A total of 147 participants had an FLI ≥60 coinciding with T2DM and MetS (P < 0.001 for each). Plasma LCAT activity and PLTP activity were on average 12% and 5% higher, respectively, in subjects with an FLI ≥ 60 (P < 0.001 for each). In age- and sex-adjusted partial linear regression analysis, LCAT activity and PLTP activity were positively related to various obesity measures and HOMA-IR (P < 0.001 for each).
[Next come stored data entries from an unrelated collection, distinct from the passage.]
(* Let $n\ge1$, $a_{i0}\ge0$, $a_{ij}\ge 0$ and $\pi_i>0$ for $i,j=1,\ldots,n$, let $\varepsilon>0$, and let $\mu_1,\ldots,\mu_n$ satisfy $\mu_i\ge\sum_{j\ne i}(a_{ij}+a_{ji})/2$. For $u\in(0,\infty)^n$ define $$A_{ij}(u)=\delta_{ij}a_{i0}+\delta_{ij}\sum_{k=1}^na_{ik}u_k+a_{ij}u_i,\qquad H_{ij}(u)=\delta_{ij}\frac{\pi_i}{u_i^{2}},$$ $$H_{\varepsilon,ij}(u)=\delta_{ij}\Big(\frac{\pi_i}{u_i^2}+\frac{\varepsilon}{u_i}\Big),\qquad A_\varepsilon(u)=A(u)+\varepsilon A^0(u),\quad A^0_{ij}(u)=\delta_{ij}\frac{\mu_i}{\pi_i}u_i^2.$$ Then for all $z\in\mathbb{R}^n$ and $u\in(0,\infty)^n$, $$z^TH_\varepsilon(u)A_\varepsilon(u)z\ge z^TH(u)A(u)z+2\varepsilon\sum_{i=1}^na_{ii}z_i^2+\varepsilon^2\sum_{i=1}^n\frac{\mu_i}{\pi_i}u_iz_i^2.$$
   Context: $\delta_{ij}$ is the Kronecker symbol. $H_\varepsilon(u)$ is the Hessian of $h(u)+\varepsilon\sum_iu_i(\log u_i-1)$ with $h(u)=\sum_i\pi_i(u_i-\log u_i)$. *)

From mathcomp Require Import all_boot all_order all_algebra.
Set Implicit Arguments. Unset Strict Implicit. Unset Printing Implicit Defensive.
Import Order.TTheory GRing.Theory Num.Theory.
Local Open Scope ring_scope.

Definition Amat (R : realFieldType) (n : nat) (a : 'M[R]_n) (a0 u : 'cV[R]_n)
  : 'M[R]_n :=
  \matrix_(i, j) ((i == j)%:R * a0 i 0 + (i == j)%:R * (\sum_k a i k * u k 0)
                  + a i j * u i 0).

Definition Hmat (R : realFieldType) (n : nat) (pi u : 'cV[R]_n) : 'M[R]_n :=
  \matrix_(i, j) ((i == j)%:R * (pi i 0 / u i 0 ^+ 2)).

Definition Hepsmat (R : realFieldType) (n : nat) (eps : R) (pi u : 'cV[R]_n)
  : 'M[R]_n :=
  \matrix_(i, j) ((i == j)%:R * (pi i 0 / u i 0 ^+ 2 + eps / u i 0)).

Definition A0mat (R : realFieldType) (n : nat) (mu pi u : 'cV[R]_n) : 'M[R]_n :=
  \matrix_(i, j) ((i == j)%:R * (mu i 0 / pi i 0 * u i 0 ^+ 2)).

Definition Aepsmat (R : realFieldType) (n : nat) (eps : R) (a : 'M[R]_n)
  (a0 mu pi u : 'cV[R]_n) : 'M[R]_n :=
  Amat a a0 u + eps *: A0mat mu pi u.

Definition qform (R : realFieldType) (n : nat) (M : 'M[R]_n) (z : 'cV[R]_n) : R :=
  (z^T *m M *m z) 0 0.

From mathcomp Require Import all_boot all_order all_algebra ring lra.
Import Order.TTheory GRing.Theory Num.Theory.
Local Open Scope ring_scope.

(* Write H_eps = H + eps D with D = diag(1/u_i) and A_eps = A + eps A^0.  Then
   z^T H_eps A_eps z = z^T H A z + eps (z^T D A z + z^T H A^0 z) + eps^2 z^T D A^0 z,
   where H A^0 = diag(mu_i) and D A^0 = diag(mu_i u_i / pi_i) are diagonal, and
   D A = diag((a_i0 + sum_k a_ik u_k) / u_i) + (a_ij) has diagonal part at least a_ii.
   Off the diagonal, a_ij z_i z_j >= - a_ij (z_i^2 + z_j^2) / 2, and the hypothesis
   on mu absorbs these losses, leaving z^T D A z + sum_i mu_i z_i^2 >= 2 sum_i a_ii z_i^2. *)

Section QuadraticForms.
Context {R : realFieldType} {n : nat}.
Implicit Types (M N : 'M[R]_n) (z : 'cV[R]_n).

Lemma qformE M z : qform M z = \sum_i \sum_j z i 0 * M i j * z j 0.
Proof.
rewrite /qform mxE exchange_big; apply: eq_bigr => j _.
by rewrite mxE big_distrl; apply: eq_bigr => i _; rewrite !mxE.
Qed.

Lemma qformD M N z : qform (M + N) z = qform M z + qform N z.
Proof. by rewrite /qform mulmxDr mulmxDl mxE. Qed.

Lemma qformZ (c : R) M z : qform (c *: M) z = c * qform M z.
Proof. by rewrite /qform -scalemxAr -scalemxAl mxE. Qed.

Lemma diag_mx_deltaE (d : 'I_n -> R) :
  \matrix_(i, j) ((i == j)%:R * d i) = diag_mx (\row_i d i).
Proof. by apply/matrixP => i j; rewrite !mxE mulr_natl. Qed.

Lemma qform_diag (d : 'I_n -> R) z :
  qform (diag_mx (\row_i d i)) z = \sum_i d i * z i 0 ^+ 2.
Proof.
rewrite /qform mul_mx_diag mxE; apply: eq_bigr => i _; rewrite !mxE; ring.
Qed.

Lemma qform_mulmx_perturb (c : R) (H D A B : 'M[R]_n) z :
  qform ((H + c *: D) *m (A + c *: B)) z =
  qform (H *m A) z + c * (qform (D *m A) z + qform (H *m B) z)
  + c ^+ 2 * qform (D *m B) z.
Proof.
rewrite mulmxDl !mulmxDr -!scalemxAl -!scalemxAr scalerA !qformD !qformZ.
ring.
Qed.

Lemma qform_ge_diag_nonneg (a : 'M[R]_n) z : (forall i j, 0 <= a i j) ->
  \sum_i a i i * z i 0 ^+ 2 <=
  qform a z + \sum_i (\sum_(j | j != i) (a i j + a j i) / 2) * z i 0 ^+ 2.
Proof.
move=> a_ge0.
have swap : \sum_i \sum_(j | j != i) a j i * z i 0 ^+ 2 / 2 =
            \sum_i \sum_(j | j != i) a i j * z j 0 ^+ 2 / 2.
  rewrite (exchange_big_dep xpredT) //=; apply: eq_bigr => i _.
  by apply: eq_bigl => j; rewrite eq_sym.
have split_c : \sum_i (\sum_(j | j != i) (a i j + a j i) / 2) * z i 0 ^+ 2 =
    \sum_i \sum_(j | j != i) a i j * z i 0 ^+ 2 / 2 +
    \sum_i \sum_(j | j != i) a j i * z i 0 ^+ 2 / 2.
  rewrite -big_split; apply: eq_bigr => i _ /=.
  rewrite big_distrl -big_split; apply: eq_bigr => j _ /=; ring.
rewrite split_c swap qformE -!big_split; apply: ler_sum => i _ /=.
rewrite (bigD1 i) //= -addrA -!big_split /=.
rewrite [X in _ <= X + _](_ : _ = a i i * z i 0 ^+ 2) ?lerDl; last by ring.
apply: sumr_ge0 => j _.
have := mulr_ge0 (a_ge0 i j) (sqr_ge0 (z i 0 + z j 0)); nra.
Qed.

End QuadraticForms.

Section CrossDiffusionMatrices.
Context {R : realFieldType} {n : nat} {a : 'M[R]_n} {a0 pi mu u : 'cV[R]_n}.
Hypotheses (a0_ge0 : forall i, 0 <= a0 i 0) (a_ge0 : forall i j, 0 <= a i j).
Hypotheses (pi_gt0 : forall i, 0 < pi i 0) (u_gt0 : forall i, 0 < u i 0).
Hypothesis mu_ge : forall i, mu i 0 >= \sum_(j | j != i) (a i j + a j i) / 2.

Let rate i := a0 i 0 + \sum_k a i k * u k 0.
Let Dinv := diag_mx (\row_i (u i 0)^-1).

Let u_neq0 i : u i 0 != 0. Proof. by rewrite gt_eqF. Qed.
Let pi_neq0 i : pi i 0 != 0. Proof. by rewrite gt_eqF. Qed.

Lemma Hmat_diag : Hmat pi u = diag_mx (\row_i (pi i 0 / u i 0 ^+ 2)).
Proof. exact: diag_mx_deltaE. Qed.

Lemma A0mat_diag : A0mat mu pi u = diag_mx (\row_i (mu i 0 / pi i 0 * u i 0 ^+ 2)).
Proof. exact: diag_mx_deltaE. Qed.

Lemma Hepsmat_split (eps : R) : Hepsmat eps pi u = Hmat pi u + eps *: Dinv.
Proof. by apply/matrixP => i j; rewrite !mxE mulr_natl; case: (i == j); ring. Qed.

Lemma Amat_split : Amat a a0 u = diag_mx (\row_i rate i) + diag_mx (\row_i u i 0) *m a.
Proof.
apply/matrixP => i j; rewrite mul_diag_mx !mxE /rate mulr_natl.
by case: (i == j); ring.
Qed.

Lemma Hmat_mul_A0mat : Hmat pi u *m A0mat mu pi u = diag_mx (\row_i mu i 0).
Proof.
rewrite Hmat_diag A0mat_diag mulmx_diag; congr diag_mx.
by apply/rowP => i; rewrite !mxE; field; rewrite u_neq0 pi_neq0.
Qed.

Lemma invu_mul_A0mat : Dinv *m A0mat mu pi u = diag_mx (\row_i (mu i 0 / pi i 0 * u i 0)).
Proof.
rewrite A0mat_diag mulmx_diag; congr diag_mx.
by apply/rowP => i; rewrite !mxE; field; rewrite u_neq0 pi_neq0.
Qed.

Lemma invu_mul_Amat : Dinv *m Amat a a0 u = diag_mx (\row_i (rate i / u i 0)) + a.
Proof.
rewrite Amat_split mulmxDr mulmxA !mulmx_diag.
have -> : \row_i ((\row_i (u i 0)^-1) 0 i * (\row_i u i 0) 0 i) = const_mx 1.
  by apply/rowP => i; rewrite !mxE mulVf.
rewrite diag_const_mx mul1mx; congr (diag_mx _ + _).
by apply/rowP => i; rewrite !mxE mulrC.
Qed.

Lemma diag_le_rate_over_u i : a i i <= rate i / u i 0.
Proof.
rewrite ler_pdivlMr // /rate (bigD1 i) //= addrCA lerDl.
by apply: addr_ge0 => //; apply: sumr_ge0 => k _; rewrite mulr_ge0 // ltW.
Qed.

Lemma qform_invu_Amat_ge (z : 'cV[R]_n) :
  2 * \sum_i a i i * z i 0 ^+ 2 <=
  qform (Dinv *m Amat a a0 u) z + \sum_i mu i 0 * z i 0 ^+ 2.
Proof.
rewrite invu_mul_Amat qformD qform_diag.
have rate_term : \sum_i a i i * z i 0 ^+ 2 <= \sum_i rate i / u i 0 * z i 0 ^+ 2.
  by apply: ler_sum => i _; rewrite ler_wpM2r ?sqr_ge0 ?diag_le_rate_over_u.
have mu_term : \sum_i (\sum_(j | j != i) (a i j + a j i) / 2) * z i 0 ^+ 2 <=
               \sum_i mu i 0 * z i 0 ^+ 2.
  by apply: ler_sum => i _; rewrite ler_wpM2r ?sqr_ge0.
have := qform_ge_diag_nonneg a z a_ge0; lra.
Qed.

End CrossDiffusionMatrices.

Theorem lemma4 (R : realFieldType) (n : nat) (a : 'M[R]_n)
  (a0 pi mu : 'cV[R]_n) (eps : R) :
  (0 < n)%N ->
  (forall i, 0 <= a0 i 0) ->
  (forall i j, 0 <= a i j) ->
  (forall i, 0 < pi i 0) ->
  0 < eps ->
  (forall i, mu i 0 >= \sum_(j | j != i) (a i j + a j i) / 2) ->
  forall (z u : 'cV[R]_n), (forall i, 0 < u i 0) ->
    qform (Hepsmat eps pi u *m Aepsmat eps a a0 mu pi u) z >=
    qform (Hmat pi u *m Amat a a0 u) z
    + 2 * eps * (\sum_i a i i * z i 0 ^+ 2)
    + eps ^+ 2 * (\sum_i mu i 0 / pi i 0 * u i 0 * z i 0 ^+ 2).
Proof.
move=> _ a0_ge0 a_ge0 pi_gt0 eps_gt0 mu_ge z u u_gt0.
rewrite Hepsmat_split /Aepsmat qform_mulmx_perturb.
rewrite Hmat_mul_A0mat // invu_mul_A0mat // !qform_diag.
have := ler_wpM2l (ltW eps_gt0) (qform_invu_Amat_ge a0_ge0 a_ge0 u_gt0 mu_ge z).
lra.
Qed.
In multivariable linear regression analyses adjusted for age and sex, LCAT activity was associated with an FLI ≥ 60 independent of T2DM and MetS, the waist/hip ratio, or HOMA-IR (β = 0.307 to 0.366, P < 0001 for all models). PLTP activity was also associated with an FLI ≥ 60 independent of these variables (β = 0.151 to 0223, P = 0.013 to 0.001).

CONCLUSION

NAFLD, as inferred from an FLI≥60, confers higher plasma LCAT and to a lesser extent PLTP activity, even when taking account of T2DM, MetS, central obesity and insulin resistance.

摘要

背景

非酒精性脂肪性肝病(NAFLD)是一种高发疾病,可导致致动脉粥样硬化载脂蛋白 B 血脂异常。卵磷脂胆固醇酰基转移酶(LCAT)和磷脂转移蛋白(PLTP)均由肝脏合成,在脂质代谢中发挥重要作用。本研究旨在探讨 NAFLD 对血浆 LCAT 和 PLTP 活性的影响。

方法

在 348 名受试者(279 名男性;81 名 2 型糖尿病(T2DM)患者;123 名代谢综合征(MetS)患者)中测定血浆 LCAT 活性(外源性底物测定法)和 PLTP 活性(磷脂囊泡-HDL 测定法)。使用 Fatty Liver Index(FLI)≥60 作为 NAFLD 的替代指标。胰岛素抵抗用稳态模型评估(HOMA-IR)来测定。

结果

共有 147 名参与者的 FLI≥60,同时伴有 T2DM 和 MetS(P<0.001)。FLI≥60 的受试者的血浆 LCAT 活性和 PLTP 活性平均分别升高 12%和 5%(均 P<0.001)。在年龄和性别校正的部分线性回归分析中,LCAT 活性和 PLTP 活性与各种肥胖指标和 HOMA-IR 呈正相关(均 P<0.001)。在调整年龄和性别的多变量线性回归分析中,LCAT 活性与 FLI≥60 独立相关,与 T2DM 和 MetS、腰围/臀围比或 HOMA-IR 无关(β=0.307 至 0.366,所有模型 P<0.001)。PLTP 活性与 FLI≥60 也独立相关,与这些变量无关(β=0.151 至 0.223,P=0.013 至 0.001)。

结论

即使考虑到 T2DM、MetS、中心性肥胖和胰岛素抵抗,FLI≥60 推断的 NAFLD 可导致较高的血浆 LCAT 和较小程度的 PLTP 活性。